Interestingly, some of Shem’s descendants—the ancient Israelites—were required by their God-given law code to treat those “strangers” who chose to live among them as equal citizens. In biblical Hebrew, the ger is the resident foreigner and the ezrach is the citizen. The Israelite, freed from slavery in Egypt, where he was a stranger, must treat the stranger among his own people with great respect: “And if a stranger [ger] dwells with you in your land, you shall not mistreat him. The stranger who dwells among you shall be to you as one born among you [ezrach “homeborn,” “native”], and you shall love him as yourself; for you were strangers [gerim] in the land of Egypt: I am the Lord your God” (Leviticus 19:33–34).
“If we trace our family trees back far enough, they all become one and the same. . . . Biological conceptions of race have long been used to justify oppression.”

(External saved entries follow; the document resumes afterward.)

(* Let $A$ be a finite nonempty set, $m\in\mathbb N_+$, and let $\rho\subseteq A^m$ be a generalized quasiorder. Then for every $n\in\mathbb N_+$ and every $n$-dimensional $m\times\cdots\times m$-array $(a_{i_1,\dots,i_n})_{i_1,\dots,i_n\in\{1,\dots,m\}}$ of elements of $A$ we have: if $\rho\models(a_{i_1,\dots,i_n})$, then $(a_{1,\dots,1},a_{2,\dots,2},\dots,a_{m,\dots,m})\in\rho$.
   Context: An $m$-ary relation $\rho\subseteq A^m$ is reflexive if $(a,\dots,a)\in\rho$ for all $a\in A$. For an $m\times m$-matrix $(a_{ij})$ over $A$, write $\rho\models(a_{ij})$ if every row and every column of the matrix belongs to $\rho$; $\rho$ is (generalized) transitive if $\rho\models(a_{ij})$ implies $(a_{11},\dots,a_{mm})\in\rho$ for every $m\times m$-matrix $(a_{ij})$. A generalized quasiorder is a reflexive and transitive relation. For an $n$-dimensional array $(a_{i_1,\dots,i_n})$ with indices in $\{1,\dots,m\}$, $\rho\models(a_{i_1,\dots,i_n})$ means: for every $j\in\{1,\dots,n\}$ and every fixed choice of the indices $i_1,\dots,i_{j-1},i_{j+1},\dots,i_n$, the $m$-tuple $(a_{i_1,\dots,i_{j-1},1,i_{j+1},\dots,i_n},\dots,a_{i_1,\dots,i_{j-1},m,i_{j+1},\dots,i_n})$ belongs to $\rho$. *)

From mathcomp Require Import all_boot.
Set Implicit Arguments. Unset Strict Implicit. Unset Printing Implicit Defensive.

Definition reflexive_rel (A : finType) (m : nat) (rho : {set m.-tuple A}) : Prop :=
  forall a : A, [tuple a | _ < m] \in rho.

Definition models_mx (A : finType) (m : nat) (rho : {set m.-tuple A})
  (M : 'I_m -> 'I_m -> A) : Prop :=
  (forall i : 'I_m, [tuple M i j | j < m] \in rho) /\
  (forall j : 'I_m, [tuple M i j | i < m] \in rho).

Definition transitive_rel (A : finType) (m : nat) (rho : {set m.-tuple A}) : Prop :=
  forall M : 'I_m -> 'I_m -> A, models_mx rho M -> [tuple M i i | i < m] \in rho.

Definition gen_quasiorder (A : finType) (m : nat) (rho : {set m.-tuple A}) : Prop :=
  reflexive_rel rho /\ transitive_rel rho.

Definition upd_idx (n m : nat) (idx : {ffun 'I_n -> 'I_m}) (j : 'I_n) (k : 'I_m)
  : {ffun 'I_n -> 'I_m} := [ffun l => if l == j then k else idx l].

(* The value
   idx j is irrelevant, so idx ranges over all choices of the other indices. *)
Definition models_arr (A : finType) (m n : nat) (rho : {set m.-tuple A})
  (a : {ffun 'I_n -> 'I_m} -> A) : Prop :=
  forall (j : 'I_n) (idx : {ffun 'I_n -> 'I_m}),
    [tuple a (upd_idx idx j k) | k < m] \in rho.

Definition diag_idx (n m : nat) (i : 'I_m) : {ffun 'I_n -> 'I_m} := [ffun _ => i].

(* Call the indices in a set S of coordinates tied together when they all run
   along one common index i while the other coordinates stay fixed.  Lines
   along single coordinates lie in rho by hypothesis.  If lines along disjoint
   sets S and T lie in rho, then, for fixed outer coordinates, the m x m matrix
   whose (i, k) entry ties S to i and T to k has its rows and columns in rho,
   so by transitivity its diagonal, the line along S :|: T, lies in rho too.
   Adding one coordinate at a time reaches the full diagonal. *)

From mathcomp Require Import all_boot.

Set Implicit Arguments.
Unset Strict Implicit.
Unset Printing Implicit Defensive.

Definition tie_idx (n m : nat) (S : {set 'I_n}) (idx : {ffun 'I_n -> 'I_m})
  (i : 'I_m) : {ffun 'I_n -> 'I_m} := [ffun l => if l \in S then i else idx l].

Lemma tie_idx1 (n m : nat) (j : 'I_n) (idx : {ffun 'I_n -> 'I_m}) (k : 'I_m) :
  tie_idx [set j] idx k = upd_idx idx j k.
Proof. by apply/ffunP => l; rewrite !ffunE inE. Qed.

Lemma tie_idxT (n m : nat) (idx : {ffun 'I_n -> 'I_m}) (i : 'I_m) :
  tie_idx [set: 'I_n] idx i = diag_idx n i.
Proof. by apply/ffunP => l; rewrite !ffunE inE. Qed.

Lemma tie_idxU (n m : nat) (S T : {set 'I_n}) (idx : {ffun 'I_n -> 'I_m})
  (i : 'I_m) : tie_idx (S :|: T) idx i = tie_idx T (tie_idx S idx i) i.
Proof. by apply/ffunP => l; rewrite !ffunE inE orbC; case: (l \in T). Qed.

Lemma tie_idxC (n m : nat) (S T : {set 'I_n}) (idx : {ffun 'I_n -> 'I_m})
  (i k : 'I_m) :
  [disjoint S & T] ->
  tie_idx T (tie_idx S idx i) k = tie_idx S (tie_idx T idx k) i.
Proof.
move=> dST; apply/ffunP => l; rewrite !ffunE.
by case: ifPn => // lT; rewrite (disjointFl dST lT).
Qed.

Section TiedLines.

Variables (A : finType) (m n : nat) (rho : {set m.-tuple A}).
Variable a : {ffun 'I_n -> 'I_m} -> A.

Definition lines_in (S : {set 'I_n}) : Prop :=
  forall idx, [tuple a (tie_idx S idx i) | i < m] \in rho.

Lemma lines_in1 (j : 'I_n) : models_arr rho a -> lines_in [set j].
Proof.
move=> rho_a idx; rewrite (eq_mktuple _ (fun i => congr1 a (tie_idx1 j idx i))).
exact: rho_a.
Qed.

Hypothesis rho_trans : transitive_rel rho.

Lemma lines_inU (S T : {set 'I_n}) :
  [disjoint S & T] -> lines_in S -> lines_in T -> lines_in (S :|: T).
Proof.
move=> dST linS linT idx.
pose M (i k : 'I_m) := a (tie_idx T (tie_idx S idx i) k).
have rho_M : models_mx rho M.
  split=> [i | k]; first exact: linT.
  rewrite (eq_mktuple _ (fun i => congr1 a (tie_idxC idx i k dST))).
  exact: linS.
rewrite (eq_mktuple _ (fun i => congr1 a (tie_idxU S T idx i))).
exact: rho_trans rho_M.
Qed.

Lemma lines_in_neq0 (S : {set 'I_n}) :
  models_arr rho a -> S != set0 -> lines_in S.
Proof.
move=> rho_a; have [k] := ubnP #|S|; elim: k S => // k IH S ltSk.
case/set0Pn=> x Sx; rewrite -(setD1K Sx).
have [-> | /IH linSx] := eqVneq (S :\ x) set0; first by rewrite setU0; apply: lines_in1.
apply: lines_inU; first by rewrite disjoints1 !inE eqxx.
- exact: lines_in1.
- by apply: linSx; rewrite -ltnS (leq_trans _ ltSk) // ltnS (cardsD1 x S) Sx.
Qed.

End TiedLines.

Theorem lemma3p6 (A : finType) (m : nat) (rho : {set m.-tuple A}) :
  0 < #|A| -> 0 < m -> gen_quasiorder rho ->
  forall (n : nat) (a : {ffun 'I_n -> 'I_m} -> A),
    0 < n -> models_arr rho a ->
    [tuple a (diag_idx n i) | i < m] \in rho.
Proof.
move=> _ m_gt0 [_ rho_trans] n a n_gt0 rho_a.
have setT_neq0 : [set: 'I_n] != set0 by apply/set0Pn; exists (Ordinal n_gt0).
pose idx0 : {ffun 'I_n -> 'I_m} := [ffun=> Ordinal m_gt0].
have := lines_in_neq0 rho_trans rho_a setT_neq0 idx0.
by rewrite (eq_mktuple _ (fun i => congr1 a (tie_idxT idx0 i))).
Qed.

This speaks to the enduring truth that underlies everyone’s birth. Whatever variations there may be among us, one thing unites us: we are all made in God’s image, and we all deserve each other’s care. As the Human Genome Project shows, we are 99.9 percent the same genetically. Race, it turns out, is a social construct that divides, whereas our DNA shows how much we are the same.
It’s that social construct that author and journalist Ta-Nehisi Coates addresses when he writes: “Race is the child of racism, not the father” (Between the World and Me).
Hochman asks: “Does this mean that we should aim to be post-racial? No. We cannot go past something that never existed. We should aim to be post-racist instead.”
For their part, Gates and Curran note that a new approach is needed to discuss race: “It feels urgent that we develop new language for discussing the relationship between identity, ancestry, history and science. DNA analysis could help create that language.”